Consider the following metric for a 3-dimensional, static and rotationally symmetric Lorentzian manifold:

$$d s^{2}=r^{-2}\left(-d t^{2}+d r^{2}\right)+r^{2} d \theta^{2}$$

(a) Write down a Lagrangian $\mathcal{L}$ for arbitrary geodesics in this metric, if the geodesic is affinely parameterized with respect to $\lambda$. What condition may be imposed to distinguish spacelike, timelike, and null geodesics?

(b) Find the three constants of motion for any geodesic.

(c) Two observation stations are sitting at radii $r=R$ and $r=2 R$ respectively, and at the same angular coordinate. Each is accelerating so as to remain stationary with respect to time translations. At $t=0$ a photon is emitted from the naked singularity at $r=0$.

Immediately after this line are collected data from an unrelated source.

(* Let $S$ be a semidomain. The following are equivalent: (a) $S$ is a BFS; (b) $S[x]$ is a BFS; (c) $S[x^{\pm1}]$ is a BFS.
   Context: A semidomain is a subset $S$ of an integral domain $R$ containing $0$ and $1$ and closed under addition and multiplication; $S^*=S\setminus\{0\}$ is a monoid under multiplication, with units forming $S^\times$. An atom is a nonunit $a\in S^*$ such that $a=bc$ with $b,c\in S^*$ forces $b$ or $c$ to be a unit; $S$ is atomic if every nonunit of $S^*$ is a finite product of atoms. $S$ is a bounded factorization semidomain (BFS) if $S$ is atomic and, for each nonunit $b\in S^*$, the set of lengths $\{\ell : b=a_1\cdots a_\ell \text{ with } a_i \text{ atoms}\}$ is finite. $S[x]$ (resp. $S[x^{\pm1}]$) is the semidomain of polynomials (resp. Laurent polynomials) in $R[x]$ (resp. $R[x^{\pm1}]$) with coefficients in $S$. *)

From HB Require Import structures.
From mathcomp Require Import all_boot all_order all_algebra.
Set Implicit Arguments. Unset Strict Implicit. Unset Printing Implicit Defensive.
Import GRing.Theory.
Local Open Scope ring_scope.

Definition is_semidomain (R : idomainType) (S : R -> Prop) : Prop :=
  [/\ S 0, S 1, (forall a b, S a -> S b -> S (a + b))
    & (forall a b, S a -> S b -> S (a * b))].

Section Factorization.
Variables (T : idomainType) (S : T -> Prop).

Definition sunit (u : T) : Prop :=
  [/\ S u, u != 0 & exists v, [/\ S v, v != 0 & u * v = 1]].

Definition satom (a : T) : Prop :=
  [/\ S a, a != 0, ~ sunit a &
      forall b c, S b -> b != 0 -> S c -> c != 0 -> a = b * c ->
        sunit b \/ sunit c].

Definition factor_length (b : T) (l : nat) : Prop :=
  exists s : seq T, [/\ size s = l, (forall a, a \in s -> satom a)
                     & b = \prod_(a <- s) a].

Definition atomic : Prop :=
  forall b, S b -> b != 0 -> ~ sunit b -> exists l, factor_length b l.

Definition BFS : Prop :=
  atomic /\
  forall b, S b -> b != 0 -> ~ sunit b ->
    exists N : nat, forall l, factor_length b l -> (l <= N)%N.

End Factorization.

Definition polyS (R : idomainType) (S : R -> Prop) : {poly R} -> Prop :=
  fun p => forall i, S p`_i.

(* S[x^{+-1}] : Laurent polynomials with coefficients in S, realized inside
   the integral domain Frac(R[x]) (which contains R[x^{+-1}]) as the elements
   p / x^n with p in S[x] and n : nat. *)
Definition laurentS (R : idomainType) (S : R -> Prop)
  : {fraction {poly R}} -> Prop :=
  fun f => exists (p : {poly R}) (n : nat),
    polyS S p /\ f = tofrac p / tofrac ('X^n).

From mathcomp Require Import all_boot all_order all_algebra.
From Stdlib Require Import Classical ClassicalEpsilon Lia.
From mathcomp Require Import zify.
Set Implicit Arguments. Unset Strict Implicit. Unset Printing Implicit Defensive.
Import GRing.Theory.
Local Open Scope ring_scope.

(* S is a BFS iff it carries a length function: l : S^* -> nat with
   l(bc) >= l(b) + l(c) and l(b) > 0 for nonunits b.  For a BFS the maximal
   factorization length is one; conversely l(b) bounds the lengths of the
   factorizations of b, and induction on l(b) gives atomicity.  Length
   functions pull back along the embeddings S in S[x] in S[x^{+-1}], which
   reflect units.  Conversely a length function L on S extends to S[x] by
   l(p) = deg p + L(lead p), and to S[x^{+-1}] by applying this to the unique
   p in S[x] with p(0) != 0 and f = p x^m for some integer m. *)

Section LengthFunction.
Variables (T : idomainType) (S : T -> Prop).
Hypothesis hS : is_semidomain S.

Let S1 : S 1. Proof. by case: hS. Qed.
Let SM a b : S a -> S b -> S (a * b). Proof. by case: hS => _ _ _ h; apply: h. Qed.

Let satom_behead a s : (forall x, x \in a :: s -> satom S x) ->
  forall x, x \in s -> satom S x.
Proof. by move=> atom_s x xs; apply: atom_s; rewrite inE xs orbT. Qed.

Lemma sunit1 : sunit S 1.
Proof. by split; rewrite ?oner_neq0 //; exists 1; rewrite oner_neq0 mulr1. Qed.

Lemma sunitM b c : sunit S b -> sunit S c -> sunit S (b * c).
Proof.
case=> Sb b0 [v [Sv v0 bv]] [Sc c0 [w [Sw w0 cw]]].
split; [exact: SM | exact: mulf_neq0 |].
exists (w * v); split; [exact: SM | exact: mulf_neq0 |].
by rewrite mulrA -(mulrA b) cw mulr1 bv.
Qed.

Lemma sunit_factorl b c :
  S c -> c != 0 -> S b -> b != 0 -> sunit S (b * c) -> sunit S b.
Proof.
move=> Sc c0 Sb b0 [_ bc0 [v [Sv v0 e]]].
split => //; exists (c * v); rewrite mulrA; split => //; first exact: SM.
by apply/eqP => cv0; move: (oner_neq0 T); rewrite -e -mulrA cv0 mulr0 eqxx.
Qed.

Lemma sunit_factorr b c :
  S b -> b != 0 -> S c -> c != 0 -> sunit S (b * c) -> sunit S c.
Proof. by rewrite mulrC; apply: sunit_factorl. Qed.

Lemma prod_satom (s : seq T) : (forall a, a \in s -> satom S a) ->
  S (\prod_(a <- s) a) /\ \prod_(a <- s) a != 0.
Proof.
elim: s => [|a s IHs] atom_s; first by rewrite big_nil oner_neq0.
have [Sa a0 _ _] := atom_s a (mem_head _ _).
have [Ss s0] := IHs (satom_behead atom_s).
by rewrite big_cons; split; [exact: SM | exact: mulf_neq0].
Qed.

Lemma satom_sunitMl u a : sunit S u -> satom S a -> satom S (u * a).
Proof.
move=> uu [Sa a0 ua atom_a]; have [Su u0 [v [Sv v0 uv]]] := uu.
split; [exact: SM | exact: mulf_neq0 | by move/(sunit_factorr Su u0 Sa a0) |].
move=> x y Sx x0 Sy y0 uaxy.
have a_vxy : a = (v * x) * y by rewrite -mulrA -uaxy mulrA [v * u]mulrC uv mul1r.
have [vx_unit|] := atom_a _ _ (SM Sv Sx) (mulf_neq0 v0 x0) Sy y0 a_vxy; last by right.
by left; rewrite -[x]mul1r -uv -mulrA; apply: sunitM.
Qed.

Lemma factor_lengthM b c k l : factor_length S b k -> factor_length S c l ->
  factor_length S (b * c) (k + l).
Proof.
move=> [s [<- atom_s ->]] [t [<- atom_t ->]]; exists (s ++ t).
split; first by rewrite size_cat.
  by move=> x; rewrite mem_cat => /orP[]; [apply: atom_s | apply: atom_t].
by rewrite big_cat.
Qed.

(* A unit can be absorbed into the first atom of a nonempty factorization. *)
Lemma factor_length_sunitMl u c l : sunit S u -> (0 < l)%N ->
  factor_length S c l -> factor_length S (u * c) l.
Proof.
move=> uu l_gt0 [[|a s] [size_s atom_s ->]]; first by rewrite -size_s in l_gt0.
exists (u * a :: s); split => //; last by rewrite !big_cons mulrA.
move=> x; rewrite inE => /orP[/eqP ->|xs]; last by apply: (satom_behead atom_s).
exact: satom_sunitMl (atom_s _ (mem_head _ _)).
Qed.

(i) At what time $t_{1}$ does the photon reach the inner station?

(ii) Express the frequency $\nu_{2}$ of the photon at the outer station in terms of the frequency $\nu_{1}$ at the inner station. Explain whether the photon is redshifted or blueshifted as it travels.

(d) Consider a complete (i.e. infinite in both directions) spacelike geodesic on a constant- $t$ slice with impact parameter $b=r_{\min }>0$. What is the angle $\Delta \theta$ between the two asymptotes of the geodesic at $r=\infty$ ? [You need not be concerned with the sign of $\Delta \theta$ or the periodicity of the $\theta$ coordinate.]

[Hint: You may find integration by substitution useful.]